Des divergences entre élus démocrates
Face à ce phénomène, les directions des universités se trouvent bien souvent entre le marteau et l'enclume. Elles doivent d'un côté laisser les manifestants exercer leur droit à la liberté d'expression, valeur cardinale du système éducatif américain, et de l'autre, agir contre certains propos et actes antisémites qui ont été répertoriés au cours de ces rassemblements.
La réaction des universités n'est par ailleurs pas seulement scrutée de manière différente entre le camp démocrate et républicain. A l'intérieur même du Parti démocrate, des divergences notables émergent.
Sur le papier, la plupart des élus démocrates s'étant exprimés sur le sujet disent soutenir la liberté d'expression tout en condamnant fermement l'antisémitisme. Mais pour certains législateurs du parti, comme Jared Moskowitz, représentant des Etats-Unis pour la Floride qui s'est récemment rendu sur le campus de Columbia avec plusieurs autres législateurs de confession juive, "certains membres de son parti" minimisent la réalité.
"Il y a un déni de la part de mes amis de gauche (...) une opinion selon laquelle tout le monde est pacifique et il n'y a pas d'antisémitisme", a-t-il déclaré devant la presse.
Si l'élu n'a pas souhaité citer de nom, il s'est notamment disputé à ce sujet sur le réseau social X avec la représentante démocrate new-yorkaise Alexandria Ocasio-Cortez, connue pour ses positions très progressistes.
Quelles conséquences pour la présidentielle?
Pour la plupart des experts, la guerre entre Israël et le Hamas et les manifestations sur les campus américains mettent une fois de plus en exergue la fracture qui existe dans le parti, avec d'un côté des démocrates centristes et historiquement attachés au soutien à Israël, et de l'autre, une aile beaucoup plus à gauche et de moins en moins encline à supporter l'Etat hébreu coûte que coûte.

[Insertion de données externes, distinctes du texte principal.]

Lemma rayleigh_eigenvector m (M : 'M[C]_m) (v : 'cV[C]_m) mu :
  M *m v = mu *: v -> (adj v *m M *m v) 0 0 = mu * sqnorm v.
Proof. by move=> Mv; rewrite -mulmxA Mv -scalemxAr mxE adj_mulmx_self. Qed.

Lemma char_poly_conj m (Q P D : 'M[C]_m) :
  Q *m P = 1%:M -> P *m Q = 1%:M -> char_poly (Q *m D *m P) = char_poly D.
Proof.
move=> QP PQ; rewrite /char_poly /char_poly_mx !map_mxM.
set q := map_mx _ Q; set p := map_mx _ P.
have qp : q *m p = 1%:M by rewrite -map_mxM QP map_mx1.
have pq : p *m q = 1%:M by rewrite -map_mxM PQ map_mx1.
have qXp : 'X%:M = q *m 'X%:M *m p :> 'M_m.
  by rewrite -mulmxA -scalar_mxC mulmxA qp mul1mx.
by rewrite {1}qXp -mulmxBl -mulmxBr !det_mulmx mulrC mulrA -det_mulmx pq det1 mul1r.
Qed.

End Adjoint.

Section RealPart.
Variable C : numClosedFieldType.

Lemma mxOver_tr (S : {pred C}) m k (X : 'M[C]_(m, k)) :
  X \is a mxOver S -> X^T \is a mxOver S.
Proof. by move=> /mxOverP XS; apply/mxOverP => i j; rewrite mxE. Qed.

Lemma col_realmxP k (u : 'cV[C]_k) :
  reflect (forall i, u i 0 \is Num.real) (u \is a realmx).
Proof.
apply: (iffP mxOverP) => [u_real i|u_real i j]; first exact: u_real.
by rewrite (ord1 j); apply: u_real.
Qed.

Lemma adj_real m k (X : 'M[C]_(m, k)) : X \is a realmx -> adj X = X^T.
Proof. by move=> /mxOverP Xr; apply/matrixP => i j; rewrite !mxE conj_Creal. Qed.

Lemma Re_mx_real m k (X : 'M[C]_(m, k)) : X \is a realmx -> Re_mx X = X.
Proof. by move=> /mxOverP Xr; apply/matrixP => i j; rewrite mxE; apply/Creal_ReP. Qed.

Lemma Re_mx_mxOver m k (X : 'M[C]_(m, k)) : Re_mx X \is a realmx.
Proof. by apply/mxOverP => i j; rewrite mxE Creal_Re. Qed.

Lemma Im_mx_mxOver m k (X : 'M[C]_(m, k)) : Im_mx X \is a realmx.
Proof. by apply/mxOverP => i j; rewrite mxE Creal_Im. Qed.

Lemma realify_mxOver m k (X : 'M[C]_(m, k)) : realify X \is a realmx.
Proof.
apply/mxOverP => i j; rewrite -[i]splitK; case: (split i) => a /=.
  by rewrite col_mxEu (mxOverP (Re_mx_mxOver X)).
by rewrite col_mxEd (mxOverP (Im_mx_mxOver X)).
Qed.

Lemma Re_Im_mx m k (X : 'M[C]_(m, k)) : X = Re_mx X + 'i *: Im_mx X.
Proof. by apply/matrixP => i j; rewrite !mxE -Crect. Qed.

Section RealScalar.
Variable a : C.
Hypothesis a_real : a \is Num.real.

Lemma Re_mxZ m k (X : 'M[C]_(m, k)) : Re_mx (a *: X) = a *: Re_mx X.
Proof. by apply/matrixP => i j; rewrite !mxE; apply: ReMl. Qed.

Lemma Im_mxZ m k (X : 'M[C]_(m, k)) : Im_mx (a *: X) = a *: Im_mx X.
Proof. by apply/matrixP => i j; rewrite !mxE; apply: ImMl. Qed.

End RealScalar.

Section RealFactor.
Variables (m k p : nat) (X : 'M[C]_(m, k)) (Y : 'M[C]_(k, p)).

Lemma Re_mulmx_reall : X \is a realmx -> Re_mx (X *m Y) = X *m Re_mx Y.
Proof.
move=> /mxOverP Xr; apply/matrixP => i j; rewrite !mxE raddf_sum.
by apply: eq_bigr => l _; rewrite !mxE; apply: ReMl; apply: Xr.
Qed.

Lemma Im_mulmx_reall : X \is a realmx -> Im_mx (X *m Y) = X *m Im_mx Y.
Proof.
move=> /mxOverP Xr; apply/matrixP => i j; rewrite !mxE raddf_sum.
by apply: eq_bigr => l _; rewrite !mxE; apply: ImMl; apply: Xr.
Qed.

Lemma Re_mulmx_realr : Y \is a realmx -> Re_mx (X *m Y) = Re_mx X *m Y.
Proof.
move=> /mxOverP Yr; apply/matrixP => i j; rewrite !mxE raddf_sum.
by apply: eq_bigr => l _; rewrite !mxE; apply: ReMr; apply: Yr.
Qed.

Lemma Im_mulmx_realr : Y \is a realmx -> Im_mx (X *m Y) = Im_mx X *m Y.
Proof.
move=> /mxOverP Yr; apply/matrixP => i j; rewrite !mxE raddf_sum.
by apply: eq_bigr => l _; rewrite !mxE; apply: ImMr; apply: Yr.
Qed.

End RealFactor.

Lemma realify_mulmx_real m k (X : 'M[C]_(m, k)) (w : 'cV[C]_k) :
  w \is a realmx -> realify X *m w = Gvec (X *m w).
Proof.
by move=> wr; rewrite /Gvec /realify mul_col_mx Re_mulmx_realr // Im_mulmx_realr.
Qed.

(* [Re (z^* y) = Re z Re y + Im z Im y] entrywise. *)
Lemma tr_realify_mulmx_Gvec m k (X : 'M[C]_(m, k)) (v : 'cV[C]_m) :
  (realify X)^T *m Gvec v = Re_mx (adj X *m v).
Proof.
rewrite /Gvec /realify tr_col_mx mul_row_col.
apply/matrixP => i j; rewrite !mxE raddf_sum -big_split /=.
by apply: eq_bigr => a _; rewrite !mxE ReM Re_conj Im_conj mulNr opprK.
Qed.

Lemma rdot_Gvec m (v w : 'cV[C]_m) : rdot v w = ((Gvec v)^T *m Gvec w) 0 0.
Proof. by rewrite /rdot {1}/Gvec tr_realify_mulmx_Gvec [RHS]mxE. Qed.

Lemma Gvec_mxOver m (v : 'cV[C]_m) : Gvec v \is a realmx.
Proof. exact: realify_mxOver. Qed.

Lemma rayleigh_gram m k (X : 'M[C]_(m, k)) (u : 'cV[C]_m) :
  X \is a realmx -> (adj u *m (X *m X^T) *m u) 0 0 = sqnorm (X^T *m u).
Proof.
by move=> X_real; rewrite -adj_mulmx_self adjM [adj X^T]adj_real ?trmxK ?mulmxA ?mxOver_tr.
Qed.

Lemma Im_mx_adj_mulmx m k (X : 'M[C]_(m, k)) (u : 'cV[C]_m) :
  Im_mx (adj X *m u) = (realify X)^T *m Gvec (- 'i *: u).
Proof.
rewrite tr_realify_mulmx_Gvec -scalemxAr; apply/matrixP => i j.
by rewrite !mxE mulNr raddfN /= ReMil opprK.
Qed.

Lemma rdotNl m (v w : 'cV[C]_m) : rdot (- v) w = - rdot v w.
Proof. by rewrite /rdot -scaleN1r adjZ -scalemxAl mxE conjCN1 mulN1r raddfN. Qed.

Lemma sqnorm_col_mx m (v : 'cV[C]_(m + m)) :
  sqnorm v = sqnorm (usubmx v) + sqnorm (dsubmx v).
Proof.
rewrite /sqnorm big_split_ord /=.
by congr (_ + _); apply: eq_bigr => i _; rewrite mxE.
Qed.

Lemma sqnorm_Gvec m (v : 'cV[C]_m) : sqnorm (Gvec v) = sqnorm v.
Proof.
rewrite sqnorm_col_mx col_mxKu col_mxKd /sqnorm -big_split /=.
apply: eq_bigr => i _; rewrite !mxE (normC_Re_Im (v i 0)) sqrtCK.
by rewrite !real_normK ?Creal_Re ?Creal_Im.
Qed.

Lemma Gvec_real m (u : 'cV[C]_(m + m)) : u \is a realmx ->
  u = Gvec (usubmx u + 'i *: dsubmx u).
Proof.
move=> /mxOverP ur; rewrite /Gvec /realify -[LHS]vsubmxK.
by congr col_mx; apply/matrixP => i j; rewrite !mxE ?Re_rect ?Im_rect.
Qed.

Lemma sqnorm_Re_mx_le m (z : 'cV[C]_m) : sqnorm (Re_mx z) <= sqnorm z.
Proof.
apply: ler_sum => i _; rewrite mxE real_normK ?Creal_Re //.
by rewrite (normC_Re_Im (z i 0)) sqrtCK lerDl -real_normK ?Creal_Im // exprn_ge0.
Qed.

Lemma real_eigenvector m (M : 'M[C]_m) (g w : 'cV[C]_m) mu :
  M \is a realmx -> g \is a realmx -> mu \is Num.real -> w != 0 ->
  M *m w = mu *: w -> (adj g *m w) 0 0 = 0 ->
  exists r : 'cV[C]_m,
    [/\ r \is a realmx, r != 0, M *m r = mu *: r & (adj g *m r) 0 0 = 0].
Proof.
move=> M_real g_real mu_real w0 Mw gw.
have g'_real : adj g \is a realmx by rewrite adj_real // mxOver_tr.
have [Re0|ReN0] := eqVneq (Re_mx w) 0.
  exists (Im_mx w); split; first exact: Im_mx_mxOver.
  - by apply: contraNneq w0 => Im0; rewrite [w]Re_Im_mx Re0 Im0 scaler0 addr0.
  - by rewrite -Im_mulmx_reall // Mw Im_mxZ.
  - by rewrite -Im_mulmx_reall // mxE gw raddf0.
exists (Re_mx w); split => //; first exact: Re_mx_mxOver.
- by rewrite -Re_mulmx_reall // Mw Re_mxZ.
- by rewrite -Re_mulmx_reall // mxE gw raddf0.
Qed.

End RealPart.

Section NonincreasingEnumeration.
Variables (R : numDomainType) (m : nat) (f : 'I_m -> R) (s : seq R).
Hypothesis s_perm : perm_eq s (map f (enum 'I_m)).
Hypothesis s_sorted : sorted (fun a b => b <= a) s.

Let ge_trans : transitive (fun a b : R => b <= a).
Proof. by move=> y x z xy yz; exact: le_trans yz xy. Qed.

Lemma mem_sorted_ge (x : R) t : sorted (fun a b => b <= a) (x :: t) ->
  forall y, y \in x :: t -> y <= x.
Proof.
move=> /(order_path_min ge_trans) /allP tx y; rewrite in_cons.
by case/orP => [/eqP -> //|]; apply: tx.
Qed.

Lemma nonincreasing_head_ge i : f i <= s`_0.
Proof.
have : f i \in s by rewrite (perm_mem s_perm) map_f ?mem_enum.
by case: s s_sorted => [//|x t] xt; apply: mem_sorted_ge.
Qed.

Lemma nonincreasing_top2 : (1 < m)%N -> exists i0 i1,
  [/\ i1 != i0, f i0 = s`_0, f i1 = s`_1 & forall i, i != i0 -> f i <= s`_1].
Proof.
move=> m_gt1.
have s_size : size s = m by rewrite (perm_size s_perm) size_map size_enum_ord.
move: s_perm s_size s_sorted.
case: s => [|x0 [|x1 t]] /= p; try by move=> sz; rewrite -sz in m_gt1.
move=> _ /andP [_ xt].
have /mapP [i0 _ e0] : x0 \in map f (enum 'I_m) by rewrite -(perm_mem p) mem_head.
have p1 : perm_eq (x1 :: t) (map f (rem i0 (enum 'I_m))).
  rewrite -(perm_cons x0); apply: (perm_trans p); rewrite e0 -map_cons.
  by apply: perm_map; apply: perm_to_rem; rewrite mem_enum.
have /mapP [i1] : x1 \in map f (rem i0 (enum 'I_m)).
  by rewrite -(perm_mem p1) mem_head.
rewrite (mem_rem_uniq _ (enum_uniq _)) inE => /andP [i10 _] e1.
exists i0, i1; split=> // i i_i0; apply: (mem_sorted_ge xt).
by rewrite (perm_mem p1) map_f // (mem_rem_uniq _ (enum_uniq _)) inE i_i0 mem_enum.
Qed.

End NonincreasingEnumeration.

Section HermitianSpectrum.
Variable C : numClosedFieldType.
Variables (m : nat) (M : 'M[C]_m).
Hypothesis M_herm : adj M = M.

Let P := spectralmx M.
Let dv := spectral_diag M.
Local Notation D := (diag_mx dv).
Local Notation d i := (dv 0 i).
Local Notation e k := (delta_mx k 0 : 'cV[C]_m).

Pour Joe Biden, il s'agit donc de jongler et de concilier son attachement politique historique au soutien d'Israël à l'hostilité croissante de son parti à l'égard de la guerre en cours à Gaza. Une hostilité qui a surgi avant le début des manifestations dans les campus, des démocrates du Congrès exhortant par exemple à plusieurs reprises cette année l'administration américaine à restreindre l'aide militaire apportée à Israël.
Diverses enquêtes d'opinions montrent également un changement de tendance chez les électeurs démocrates. Ainsi, dans un sondage de la fin du mois de mars réalisé par l'Université Quinnipiac (Connecticut), près de deux tiers des démocrates se déclarent "opposés à l'envoi d'une aide militaire supplémentaire à Israël". Un chiffre confirmé par un sondage national de CBS News/YouGov, où l'on apprend également que près de la moitié des sondés veulent voir le président américain pousser Israël à mettre complètement fin à son action militaire.
Pour les stratèges du parti, le risque n'est pas que des démocrates mécontents de l'attitude américaine vis-à-vis de la guerre à Gaza votent Donald Trump, mais plutôt qu'ils se tournent vers un candidat tiers ou s'abstiennent de voter. "Je pense que cela complique l'image de Biden auprès des jeunes", explique au magazine The Altantic Ben Tulchin, qui était le principal sondeur des deux campagnes présidentielles du sénateur Bernie Sanders.
Interrogé dans le New York Times, Steve Israel, ancien représentant de l'Etat de New York qui a dirigé le Comité de campagne démocrate pour le Congrès, estime toutefois que le temps pourrait calmer les choses. "Les campus se vident généralement en été, l'énergie sur ce sujet risque de se dissiper (...) La question sera de savoir si elle reviendra à l'automne (...) et la réponse à cette question n’est pas ici, mais au Moyen-Orient", analyse-t-il.